Abstract: Two vehicle chassis design tasks were solved by decomposition-based multi-disciplinary
optimisation (MDO) methods, namely collaborative optimisation (CO) and analytical target cascad-
ing (ATC). A passive suspension system was optimised by applying both CO and ATC. Multiple
parameters of the spring and damper were selected as design variables. The discomfort, road holding,
and total mass of the spring–damper combination were the objective functions. An electric vehicle
(EV) powertrain design problem was considered as the second test case. Energy consumption and
gradeability were optimised by including the design of the electric motor and the battery pack layout.
The standard single-level all-in-one (AiO) multi-objective optimisation method was compared with
ATC and CO methods. AiO methods showed some limitations in terms of efficiency and accuracy.
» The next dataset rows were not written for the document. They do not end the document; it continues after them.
(* Let $\kappa\in\mathbb{C}$, $0\le n\le N$, and let $\lambda_1,\dots,\lambda_N,z_1,\dots,z_n$ be generic. Consider $F(z_{n+1},\dots,z_N)=\det_N\Omega_\kappa(\{z_1,\dots,z_N\},\{\lambda_1,\dots,\lambda_N\}|\{z_1,\dots,z_N\})$ as a meromorphic function of $z_{n+1},\dots,z_N$. Then the iterated residue of $F$ at $z_{n+1}=\lambda_{n+1},\dots,z_N=\lambda_N$ equals $$\prod_{a=n+1}^N\mathcal Y_\kappa\bigl(\lambda_a\big|\{z_1,\dots,z_n,\lambda_{n+1},\dots,\lambda_N\}\bigr)\cdot\det_n\Omega_\kappa\bigl(\{z_1,\dots,z_n\},\{\lambda_1,\dots,\lambda_n\}\big|\{z_1,\dots,z_n,\lambda_{n+1},\dots,\lambda_N\}\bigr).$$
   Context: Fix $\eta\in\mathbb{C}$ with $\sinh\eta\ne0$ and $\xi_1,\dots,\xi_M\in\mathbb{C}$. $a(\lambda)=\prod_{j=1}^M\sinh(\lambda-\xi_j+\eta)$, $d(\lambda)=\prod_{j=1}^M\sinh(\lambda-\xi_j)$, $t(\lambda,\mu)=\frac{\sinh\eta}{\sinh(\lambda-\mu)\sinh(\lambda-\mu+\eta)}$. For a set $\{\nu_1..\nu_L\}$, $\mathcal Y_\kappa(\mu|\{\nu\})=a(\mu)\prod_{k=1}^L\sinh(\nu_k-\mu+\eta)+\kappa d(\mu)\prod_{k=1}^L\sinh(\nu_k-\mu-\eta)$. For sets $\{\lambda_1..\lambda_n\}$, $\{\mu_1..\mu_n\}$, $\{\nu_1..\nu_{n'}\}$, $\Omega_\kappa(\{\lambda\},\{\mu\}|\{\nu\})$ is the $n\times n$ matrix with $(\Omega_\kappa)_{jk}=a(\mu_k)t(\lambda_j,\mu_k)\prod_{c=1}^{n'}\sinh(\nu_c-\mu_k+\eta)-\kappa\,d(\mu_k)t(\mu_k,\lambda_j)\prod_{c=1}^{n'}\sinh(\nu_c-\mu_k-\eta)$ (rows indexed by the first set, columns by the second). *)

From HB Require Import structures.
From mathcomp Require Import all_boot all_order all_algebra.
From mathcomp Require Import all_classical all_reals all_analysis.
From mathcomp Require Import complex.
Import Order.TTheory GRing.Theory Num.Theory.
Import numFieldTopology.Exports numFieldNormedType.Exports.
Set Implicit Arguments. Unset Strict Implicit. Unset Printing Implicit Defensive.
Local Open Scope ring_scope.
Local Open Scope complex_scope.
Local Open Scope classical_set_scope.

Definition Cplx (R : realType) : Type := R[i].
HB.instance Definition _ (R : realType) := Num.ClosedField.on (Cplx R).
HB.instance Definition _ (R : realType) :=
  PseudoPointedMetric.copy (Cplx R) (Cplx R)^o.

Section Defs.
Variable R : realType.
Local Notation C := (Cplx R).

Definition cexp (z : C) : C :=
  let: x +i* y := z in ((expR x)%:C * (cos y +i* sin y)%C)%R.

Definition csinh (z : C) : C := (cexp z - cexp (- z)) / 2%:R.

Definition afun (eta : C) (xi : seq C) (l : C) : C :=
  \prod_(x <- xi) csinh (l - x + eta).
Definition dfun (xi : seq C) (l : C) : C :=
  \prod_(x <- xi) csinh (l - x).

Definition tfun (eta l m : C) : C :=
  csinh eta / (csinh (l - m) * csinh (l - m + eta)).

Definition Yfun (eta : C) (xi : seq C) (kappa mu : C) (nu : seq C) : C :=
  afun eta xi mu * \prod_(v <- nu) csinh (v - mu + eta)
  + kappa * dfun xi mu * \prod_(v <- nu) csinh (v - mu - eta).

Definition Omega (eta : C) (xi : seq C) (kappa : C) (n : nat)
    (lam mu nu : seq C) : 'M[C]_n :=
  \matrix_(j < n, k < n)
    (afun eta xi (nth 0 mu k) * tfun eta (nth 0 lam j) (nth 0 mu k)
       * \prod_(v <- nu) csinh (v - nth 0 mu k + eta)
     - kappa * dfun xi (nth 0 mu k) * tfun eta (nth 0 mu k) (nth 0 lam j)
       * \prod_(v <- nu) csinh (v - nth 0 mu k - eta)).

(* Residue of f at a (simple) pole l:  lim_{z -> l, z <> l} (z - l) f(z). *)
Definition residue (f : C -> C) (l : C) : C :=
  lim ((fun z => (z - l) * f z) @ l^').

(* Iterated residue of a function F of the variables (w_1, ..., w_m)
   (passed as a list) at w_1 = l_1, ..., w_m = l_m: first the residue in
   w_1 is taken (the other variables being held fixed), then in w_2, ... *)
Fixpoint iter_residue (F : seq C -> C) (ls : seq C) : C :=
  match ls with
  | [::] => F [::]
  | l :: ls' => iter_residue (fun ws => residue (fun w => F (w :: ws)) l) ls'
  end.

Definition generic_points (eta : C) (s : seq C) : Prop :=
  forall i j : nat, (i < size s)%N -> (j < size s)%N -> i <> j ->
    csinh (nth 0 s i - nth 0 s j) <> 0 /\
    csinh (nth 0 s i - nth 0 s j + eta) <> 0.

End Defs.

From HB Require Import structures.
From mathcomp Require Import all_boot all_order all_algebra.
From mathcomp Require Import all_classical all_reals all_analysis.
From mathcomp Require Import complex.
From mathcomp Require Import ring zify.
Import Order.TTheory GRing.Theory Num.Theory.
Import numFieldTopology.Exports numFieldNormedType.Exports.
Local Open Scope ring_scope.
Local Open Scope classical_set_scope.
ATC proved to be the best choice for the design problems presented in this paper, since it provided
solutions with good accuracy in a very efficient way. The proposed investigation on MDO methods
can be useful for designers, to choose the proper optimisation approach, while solving complex
vehicle design problems.
Keywords: multi-disciplinary optimisation; analytical target cascading; collaborative optimisation;
passive suspension; electric vehicle powertrain
1. Introduction
In the automotive field, multi-disciplinary design problems typically involve several
groups of experts. They are responsible for different performances and for designing
different subsystems that constitute the vehicle. The expert groups must interact during
the development process. Some groups are responsible for the design (e.g., the body,
the powertrain, the suspension system, etc.), while other groups are responsible for different
performance metrics (e.g., handling, safety, noise, vibration, and harshness (NVH), etc.).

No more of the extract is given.